To avoid various problems and just create sanity, Unix SIGCHLD
handlers are not reentrant; even if more children die, you won't receive
a second SIGCHLD until you return from the signal handler. (This is
an interesting source of bugs if you bail out of the signal handler
without telling the kernel, and is one reason for the existence of
siglongjmp().)
And in thinking about all of this I came to a horrible realization:
those are Unix semantics, not Python semantics. Python does not
run your Python-level SIGCHLD handler from the actual C level signal
handler; it runs them from the regular bytecode interpreter. All the C
level SIGCHLD handler does is set a flag telling the interpreter to
run your SIGCHLD handler at the next bytecode, where it gets treated
pretty much as an ordinary function call.
This would neatly explain my mysterious exceptions. When there are two
connections from an IP address and both of them die in short succession,
if we are extremely unlucky the SIGCHLD for the second will be
processed between _delip's first and second lines and delete the
ipmap[ip] dictionary entry out from underneath the first.

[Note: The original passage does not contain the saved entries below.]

Lemma exists_hyperplane A x : x \notin flat G A ->
  exists2 w : 'I_c.+1 -> K, \sum_i G x i * w i != 0 &
    forall y, y \in A -> \sum_i G y i * w i = 0.
Proof.
rewrite inE submxE; set M := cokermx (sub_pts G A) => xA.
have [l xMl] : exists l, (row x G *m M) 0 l != 0.
  apply/existsP; move: xA; apply: contraR; rewrite negb_exists => /forallP xM0.
  by apply/eqP/rowP => l; rewrite [RHS]mxE; apply/eqP; rewrite -[_ == _]negbK xM0.
exists (fun i => M i l).
  by move: xMl; rewrite mxE; under eq_bigr do rewrite mxE.
move=> y yA; have := row_sub_pts_mem G yA; rewrite submxE -/M => /eqP/rowP/(_ l).
by rewrite !mxE; under eq_bigr do rewrite mxE.
Qed.

(* A product of m >= 2 linear forms, one vanishing on A and the others on B. *)
Lemma evalmx_separating m : (2 <= m)%N -> separating (evalmx G m).
Proof.
move=> m2 A B x xA xB.
have [wA wAx wAA] := exists_hyperplane xA.
have [wB wBx wBB] := exists_hyperplane xB.
pose ws (k : 'I_m) := if (k : nat) == 0%N then wB else wA.
have [f Hf] := eval_form_prod_linear ws.
exists (\row_a f (enum_val a)) => [|y]; rewrite mul_row_evalmx Hf.
  by apply/prodf_neq0 => k _; rewrite /ws; case: ifP.
rewrite in_setU => /orP[yA|yB].
  by rewrite (bigD1 (Ordinal m2)) //= /ws /= wAA ?mul0r.
by rewrite (bigD1 (Ordinal (ltnW m2))) //= /ws /= wBB ?mul0r.
Qed.

Definition colsel S : 'M[K]_d := diag_mx (\row_j (j \in S)%:R).

Lemma colselE n (E : 'M[K]_(n, d)) S :
  E *m colsel S = \matrix_(i, j) (E i j * (j \in S)%:R).
Proof. by rewrite mul_mx_diag; apply/matrixP => i j; rewrite !mxE. Qed.

(* The row u *m E, cut down to the columns x |: S, is nonzero but vanishes on
   the columns S, so dropping column x loses rank. *)
Lemma rank_colsel_setU1 n (E : 'M[K]_(n, d)) S x (u : 'rV_n) :
  x \notin S -> (u *m E) 0 x != 0 -> (forall y, y \in S -> (u *m E) 0 y = 0) ->
  ((\rank (E *m colsel S)).+1 <= \rank (E *m colsel (x |: S)))%N.
Proof.
move=> xS ux uS; set W := E *m colsel (x |: S).
have EW : E *m colsel S = W *m colsel S.
  rewrite /W !colselE; apply/matrixP => i j; rewrite !mxE.
  by case: (boolP (j \in S)) => jS; rewrite ?mulr0 // in_setU1 jS orbT !mulr1.
set v := u *m W.
have vE j : v 0 j = (u *m E) 0 j * (j \in x |: S)%:R.
  by rewrite /v /W mulmxA colselE mxE.
have v_ker : (v <= kermx (colsel S))%MS.
  apply/sub_kermxP; rewrite colselE; apply/rowP => j; rewrite [in RHS]mxE mxE vE.
  by case: (boolP (j \in S)) => jS; rewrite ?mulr0 // uS // !mul0r.
have v0 : v != 0.
  apply/eqP => /rowP/(_ x); rewrite vE [in RHS]mxE setU11 mulr1 => ux0.
  by move: ux; rewrite ux0 eqxx.
have cap_ge1 : (1 <= \rank (W :&: kermx (colsel S))%MS)%N.
  by have := mxrankS (_ : (v <= W :&: kermx (colsel S))%MS); rewrite rank_rV v0;
    apply; rewrite sub_capmx submxMl.
by rewrite EW -(mxrank_mul_ker W (colsel S)) -addn1 leq_add2l.
Qed.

I personally believe that this is a bug in the CPython interpreter, but even if I can persuade the Python people of this, I still need to come up with a Python-level workaround for the mean time (ideally one that doesn't involve too much code reorganization).
2006-08-30
A problem with debugging threaded Python programs
I have a heavily threaded Python program that dies every now and then with a mysterious exception (that as far as I can see just shouldn't happen, which means that I don't completely understand my code).
My off and on attempts to debug this have pointed out a frustrating problem in Python's (lack of) support for debugging threaded Python programs: there's no such thing as a global exception, something that will freeze, backtrace, and terminate all threads when an error occurs. Instead, exceptions only capture the state of the thread they happen in, and only kill it.

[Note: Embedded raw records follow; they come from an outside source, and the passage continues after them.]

Lemma covers_coset_premaniplex : covers X (coset_premaniplex K).
Proof.
exists flag_coset; split=> [S | i x].
  have [a Sa] := svalP S; exists (act X a x0).
  by apply: coset_flag_eq; rewrite Sa; apply: flag_coset_predE.
have [u ux] := HXc x0 x; apply: coset_flag_eq.
rewrite (act_cosetE [:: i] (S := flag_coset x) (flag_coset_predE ux)) /=.
by apply: flag_coset_predE; rewrite /= ux.
Qed.

End CosetCover.

Theorem lemma5p6 (n m : nat) (X : adjsys n) (HX : is_premaniplex X)
  (HXc : connected X) (x0 : X)
  (Y : adjsys m) (HY : is_premaniplex Y)
  (eta : Y -> seq 'I_m -> seq 'I_n) (Heta : is_voltage Y eta)
  (Hpres : preserves_connectivity Y eta) (y0 : Y) (ups : seq 'I_m)
  (Hnorm : normalizes ups (zeta_preim Y eta y0 (stab X x0)))
  (HnotL : ~ stab Y y0 ups) :
  covers X (coset_premaniplex
    (zeta_image Y eta y0 (sub_meet (stab Y y0) (conj_sub (stab Y y0) ups)))).
Proof.
have meet_cat : cat_closed (sub_meet (stab Y y0) (conj_sub (stab Y y0) ups)).
  apply: sub_meet_cat_closed; first exact: stab_cat_closed.
  exact: conj_sub_cat_closed (stab_weq_closed y0 HY) (stab_cat_closed y0).
apply: (covers_coset_premaniplex x0 HX HXc).
- exact: zeta_image_weq_closed.
- by apply: (zeta_image_cat_closed Heta y0 _ _ meet_cat) => w [].
- exact: stab_sub_zeta_image Heta Hpres y0 X x0 ups HX Hnorm.
Qed.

(My program goes down because the exception is happening in the main thread, and all the other threads are short-lived.)
The irony is that Python's single-threaded bytecode interpreter would make this relatively easy to do. You could guarantee that the next bytecode-level action every other thread did was to throw an exception, and you'd be capturing pretty close to the exact state when the starting exception was created. (With some more work, you could make it an exact capture; just keep track of the last bytecode executed and generate the exception against it.)
2006-08-07
A problem in Python's implementation of closures
Python's implementation of closures for inner functions has a well known problem: you can't mutate the binding of captured outer variables. In other words, the following code does not work:
def cfunc(a):
def _if(b):
a = a + b
return a
return _if
There is nothing in the semantics of Python that require this result.

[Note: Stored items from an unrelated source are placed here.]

(* Let $q\in\mathbb{C}$, let $c_i(q,\pi)\in\mathbb{C}$ ($p\ge1$, $1\le i\le p$, $\pi\in\mathfrak{S}_p$) be coefficients, and for $p\ge1$ let $$\mathcal{E}_p=\sum_{k_1,\ldots,k_p}\sum_{\pi\in\mathfrak{S}_p}\sum_{i=1}^p c_i(q,\pi)\,E(k_{\pi(i)})\,a^\dagger(k_{\pi(p)})\cdots a^\dagger(k_{\pi(1)})\,a(k_1)\cdots a(k_p),$$ and $$R_p(q,X)=\alpha_p\sum_{\pi\in\mathfrak{S}_p}\sum_{i=1}^p c_i(q,\pi)X^{i-1}\pi\in\mathbb{C}[X][\mathfrak{S}_p].$$ Then for every $n$-particle state $K$ (an ordered $n$-tuple of distinct momenta) and every $1\le p\le n$, $$\mathcal{E}_pK=\xi\Bigl(X^{n-p}\sum_{J\subset K,\ |J|=p}q^{I_K\left((K-J)\sqcup J\right)}\,(K-J)\sqcup R_p(q,X)J\Bigr).$$
   Context: Operators $a(k)$, indexed by momenta $k$, with adjoints $a^\dagger(k)$, satisfy $a(k)a^\dagger(\ell)-q\,a^\dagger(\ell)a(k)=\delta_{k,\ell}$ and $a(k)|0\rangle=0$. An ordered set $K=[k_1,\dots,k_n]$ of pairwise distinct momenta is identified with the state $a^\dagger(k_n)\cdots a^\dagger(k_1)|0\rangle$, and formal linear combinations of such ordered sets with the corresponding linear combinations of states. $E(k)$ is the single-particle energy of momentum $k$. For $\pi\in\mathfrak{S}_n$, $I(\pi)$ is the number of inversions (pairs $i<j$ with $\pi(i)>\pi(j)$); $\alpha_p=\sum_{\rho\in\mathfrak{S}_p}q^{I(\rho)}\rho\in\mathbb{C}[\mathfrak{S}_p]$. The group $\mathfrak{S}_n$ acts on ordered $n$-element sets by permuting positions, extended linearly to the group algebra and to polynomials in $X$ (with $X$ commuting). For an ordered set $A$ and $\sigma\in\mathfrak{S}_n$, $I_A(\sigma A):=I(\sigma)$. A subset $J\subset K$ carries the order induced from $K$; $K-J$ is the complement with induced order; for disjoint ordered sets $A_1,A_2$, $A_1\sqcup A_2$ is the ordered set listing the elements of $A_1$ (in order) followed by those of $A_2$ (in order), extended bilinearly (and with powers of $X$ carried along) to linear combinations. The evaluation map $\xi$ is the linear map on polynomials in $X$ with coefficients formal linear combinations of ordered $n$-sets defined by $\xi(B\,X^{i-1})=E(B(i))\,B$, where $B(i)$ is the $i$-th element of the ordered set $B$. *)

(* Complex numbers are modelled as [complex R] (= R[i]) for
   [R : realType] (the real numbers); all definitions below are generic over a
   commutative ring [C]. *)
From HB Require Import structures.
From mathcomp Require Import all_boot all_order all_algebra all_fingroup.
From mathcomp Require Export reals complex.
Import GRing.Theory.
Local Open Scope ring_scope.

Unlike the case of writing to a global variable in a function, what the
a variable refers to in the scope of _if is completely unambiguous
at all times.
I could make excuses for CPython, but the problem is pretty much
there deliberately; while there is a special bytecode instruction
(LOAD_DEREF) to read the value of captured variables in a
closure, there is no bytecode instruction to write to them. In the
absence of the ability to do anything else, the interpreter does its
standard thing and treats any variable that
is stored to in the function as function local (barring a global
declaration).
The careful phrasing I have had to use in the first paragraph shows the
way around this problem: while you can't change the binding of captured
outer variables in a closure, you can mutate their value directly if the
type of their value allows this. The classical way to do this is to make
the desired variables into arrays, and then mutate the array contents.
So we would write cfunc as:
def cfunc(a):
t = [a]
def _if(b):
t[0] = t[0] + b
return t[0]
return _if
This version does what we want it to, at the expense of a certain amount of ugliness.
(Credit where credit is due department: I think I first saw the array trick in the sample WSGI server code in its specification.)